According to CEO and co-founder Tal Shoham, this shift represents a broader change in how software will grow.
“AI is becoming the dominant interface for software, creating entirely new opportunities around monetization and distribution,” Shoham said. “We believe the biggest opportunity of the AI era will not only be building products, but also monetizing and distributing them. We’re building the infrastructure layer that helps solve both.”
Velocity says its platform combines three components: an AI-native advertising network for intent-driven placements, a mediation and auction system that maximizes revenue across demand sources, and a conversation intelligence layer that converts dialogue into structured, privacy-safe intent signals.
Shoham said maintaining the quality of the user experience remains a priority.
“AI monetization should feel native to the experience,” he said. “Users expect AI interactions to be useful, contextual, and trustworthy. Our goal is monetization, recommendations, and product discovery that enhance the experience rather than interrupt it.”
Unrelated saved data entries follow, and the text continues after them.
(* Every ideal of Z is 0 or generated by its least positive element. *)
Lemma int_ideal_principal (I : int -> Prop) : I 0 ->
  (forall a b, I a -> I b -> I (a + b)) -> (forall r a, I a -> I (r * a)) ->
  (forall k, I k -> k = 0) \/
  exists o : nat, [/\ (0 < o)%N, I o%:Z & forall k, I k -> exists q, k = q * o%:Z].
Proof.
move=> I0 ID IM.
have [[k [Ik k0]]|] := pselect (exists k, I k /\ k <> 0); last first.
  by move=> H; left=> k Ik; apply: contrapT => k0; apply: H; exists k.
right.
have Iabs : I (`|k|%N)%:Z.
  by rewrite abszE; case: (ger0P k) => _; [rewrite -(mul1r k) | rewrite -mulN1r];
    apply: IM.
have ex : exists n, (0 < n)%N && `[< I n%:Z >].
  by exists `|k|%N; rewrite absz_gt0 asboolT // andbT; apply/eqP.
case: (ex_minnP ex) => o /andP [o0 /asboolW Io] omin.
exists o; split=> // m Im; exists (m %/ o)%Z.
have o0' : o%:Z != 0 by rewrite eqz_nat -lt0n.
have Imod : I (m %% o)%Z.
  rewrite (_ : (m %% o)%Z = m + (- (m %/ o)%Z) * o%:Z); first by apply: ID => //; apply: IM.
  by rewrite {2}(divz_eq m o) mulNr addrC addKr.
have := modz_ge0 m o0'; have := ltz_mod m o0'.
case E: (m %% o)%Z Imod => [[|n]|//] In no _; first by rewrite {1}(divz_eq m o) E addr0.
have := omin n.+1; rewrite /= asboolT // => /(_ isT).
by rewrite leqNgt; case/negP.
Qed.

Lemma divisible_baer (L : zmodType) :
  (forall (x : L) (n : nat), (0 < n)%N -> exists e, e *+ n = x) -> baer (zmod_int L).
Proof.
move=> div I h I0 ID IM hD hM.
have h0 : h 0 = 0 by apply: (addrI (h 0)); rewrite -hD // !addr0.
case: (int_ideal_principal I0 ID IM) => [I00|[o [o0 Io oI]]].
  by exists 0 => a Ia; rewrite (I00 a Ia) h0 scaler0.
have [e He] := div (h o%:Z) o o0.
exists e => a Ia; have [q ->] := oI a Ia.
by rewrite hM // !zmod_intZ -He -mulrz_nat mulrzA_C natz.
Qed.

Lemma QZ_baer : baer (zmod_int QZ).
Proof. exact: divisible_baer QZ_divisible. Qed.

Lemma fun_baer (T : Type) (L : zmodType) :
  baer (zmod_int L) -> baer (zmod_int (T -> L)).
Proof.
move=> HL I h I0 ID IM hD hM.
have evalD t : forall f g : T -> L, (f + g) t = f t + g t by [].
have Ht t : exists e : L, forall a, I a -> h a t = a *: (e : zmod_int L).
  apply: (HL I (fun a => h a t)) => // [a b Ia Ib|r a Ia]; first by rewrite hD.
  by rewrite hM // !zmod_intZ (additive_mulrz (evalD t)).
exists (fun t => proj1_sig (cid (Ht t))) => a Ia; apply/funext => t.
rewrite zmod_intZ (additive_mulrz (evalD t)) -zmod_intZ.
by case: (cid (Ht t)) => e /= ->.
Qed.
Early Customers Report Positive Results
The company says its technology has already been deployed by AI-native applications seeking to balance monetization with user growth.
Among those customers is Leadtech / MAU. Diego Díaz, CEO of the Subscription Division at Leadtech / MAU, said the company has been encouraged by both the product and the working relationship.
“Velocity has been a great partner to work with. The team is responsive, collaborative, and moves quickly,” Díaz said. “We’ve been impressed by both the product and the people behind it, and we’re excited about the opportunities ahead. We’re confident this partnership will lead to meaningful outcomes as we continue building together.”
Velocity also highlighted its work with AIBY’s Chaton application.
Artsiom Turavets, Lead Product Manager at AIBY (Chaton), said the partnership has produced “strong performance while maintaining a high-quality user experience,” adding that the company has seen “meaningful monetization outcomes alongside healthy engagement and retention metrics.” He also described Velocity as “a true partner” that consistently develops tailored solutions.
Investors See a Long-Term Opportunity
Investors participating in the round believe AI-native software will require new infrastructure designed specifically for growth.
Gigi Levy-Weiss, General Partner at NFX, said every major technology platform creates new infrastructure categories. He believes AI-native applications represent one of the largest emerging technology platforms and said Velocity is building “the growth infrastructure layer that enables that intent to drive monetization, distribution, and growth.”
Red Dot Capital Partners shares that view. Partner Atad Peled said AI-native applications are creating “a massive new opportunity around user intent” and pointed to the founding team’s experience building and scaling global software platforms as a differentiator.
For Velocity, the funding marks the next step in pursuing what it believes will become a defining layer of AI infrastructure. Shoham argues that every major computing era has been shaped by a dominant signal, concluding that, “We believe the AI era will be built around intent, and we’re building the growth infrastructure layer to monetize and distribute through it.”